(Exercise):
Within the data below, copy each line where the string "predictor" is found.

(Data supplied):
--------------------------------

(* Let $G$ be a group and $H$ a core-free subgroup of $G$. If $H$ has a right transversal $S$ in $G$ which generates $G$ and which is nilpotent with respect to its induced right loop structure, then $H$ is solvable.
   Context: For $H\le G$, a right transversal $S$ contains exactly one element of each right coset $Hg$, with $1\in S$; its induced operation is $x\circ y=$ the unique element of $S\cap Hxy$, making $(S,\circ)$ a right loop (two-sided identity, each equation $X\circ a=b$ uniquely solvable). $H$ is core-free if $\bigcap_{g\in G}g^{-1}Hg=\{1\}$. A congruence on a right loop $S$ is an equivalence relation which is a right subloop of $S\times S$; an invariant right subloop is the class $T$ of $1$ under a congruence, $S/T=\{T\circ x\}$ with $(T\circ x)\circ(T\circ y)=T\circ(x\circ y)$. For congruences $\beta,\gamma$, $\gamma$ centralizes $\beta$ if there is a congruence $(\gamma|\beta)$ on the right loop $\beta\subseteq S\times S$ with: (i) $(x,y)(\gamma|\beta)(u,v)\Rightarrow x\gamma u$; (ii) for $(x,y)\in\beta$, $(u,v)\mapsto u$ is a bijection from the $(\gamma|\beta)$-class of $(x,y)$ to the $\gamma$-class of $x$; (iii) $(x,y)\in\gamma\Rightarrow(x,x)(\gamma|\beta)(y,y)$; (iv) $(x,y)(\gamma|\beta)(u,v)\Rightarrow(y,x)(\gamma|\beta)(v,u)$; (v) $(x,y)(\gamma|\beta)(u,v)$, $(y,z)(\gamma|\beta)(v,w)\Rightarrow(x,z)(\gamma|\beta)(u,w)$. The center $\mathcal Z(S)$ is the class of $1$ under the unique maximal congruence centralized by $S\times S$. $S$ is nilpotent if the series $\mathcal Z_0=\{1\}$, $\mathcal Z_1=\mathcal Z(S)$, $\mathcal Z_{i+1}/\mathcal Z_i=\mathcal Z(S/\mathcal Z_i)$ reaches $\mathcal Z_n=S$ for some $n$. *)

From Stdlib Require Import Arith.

--------------------------------

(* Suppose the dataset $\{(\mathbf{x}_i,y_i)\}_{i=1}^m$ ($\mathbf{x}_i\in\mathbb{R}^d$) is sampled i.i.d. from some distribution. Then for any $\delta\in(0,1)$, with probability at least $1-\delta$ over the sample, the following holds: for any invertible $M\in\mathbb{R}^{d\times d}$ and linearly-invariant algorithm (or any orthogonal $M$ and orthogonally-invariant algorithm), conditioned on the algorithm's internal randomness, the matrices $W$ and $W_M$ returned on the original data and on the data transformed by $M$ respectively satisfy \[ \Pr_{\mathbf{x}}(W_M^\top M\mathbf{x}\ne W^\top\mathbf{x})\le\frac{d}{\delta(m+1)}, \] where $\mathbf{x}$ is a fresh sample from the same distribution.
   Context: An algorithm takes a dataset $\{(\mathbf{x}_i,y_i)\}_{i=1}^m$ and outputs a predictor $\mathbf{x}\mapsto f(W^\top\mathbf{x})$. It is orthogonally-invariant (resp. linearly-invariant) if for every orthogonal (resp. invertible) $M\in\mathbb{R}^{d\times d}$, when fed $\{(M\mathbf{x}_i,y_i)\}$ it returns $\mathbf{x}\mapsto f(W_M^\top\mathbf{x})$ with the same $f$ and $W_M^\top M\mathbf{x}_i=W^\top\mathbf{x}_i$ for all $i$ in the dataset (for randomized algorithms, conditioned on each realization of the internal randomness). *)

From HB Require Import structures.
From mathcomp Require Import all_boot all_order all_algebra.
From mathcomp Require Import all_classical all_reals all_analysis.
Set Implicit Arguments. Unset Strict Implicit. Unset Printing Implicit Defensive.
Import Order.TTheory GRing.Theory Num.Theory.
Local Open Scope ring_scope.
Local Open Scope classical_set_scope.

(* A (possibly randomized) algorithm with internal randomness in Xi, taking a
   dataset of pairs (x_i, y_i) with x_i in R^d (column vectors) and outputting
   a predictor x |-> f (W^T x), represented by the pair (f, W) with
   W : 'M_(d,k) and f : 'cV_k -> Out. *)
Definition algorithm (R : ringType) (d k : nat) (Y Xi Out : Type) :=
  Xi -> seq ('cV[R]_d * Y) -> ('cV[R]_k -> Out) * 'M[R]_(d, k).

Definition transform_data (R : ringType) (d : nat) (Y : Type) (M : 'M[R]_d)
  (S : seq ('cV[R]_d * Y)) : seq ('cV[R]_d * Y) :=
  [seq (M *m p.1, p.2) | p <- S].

--------------------------------

(Reply to the exercise):
   Context: An algorithm takes a dataset $\{(\mathbf{x}_i,y_i)\}_{i=1}^m$ and outputs a predictor $\mathbf{x}\mapsto f(W^\top\mathbf{x})$. It is orthogonally-invariant (resp. linearly-invariant) if for every orthogonal (resp. invertible) $M\in\mathbb{R}^{d\times d}$, when fed $\{(M\mathbf{x}_i,y_i)\}$ it returns $\mathbf{x}\mapsto f(W_M^\top\mathbf{x})$ with the same $f$ and $W_M^\top M\mathbf{x}_i=W^\top\mathbf{x}_i$ for all $i$ in the dataset (for randomized algorithms, conditioned on each realization of the internal randomness). *)
   a predictor x |-> f (W^T x), represented by the pair (f, W) with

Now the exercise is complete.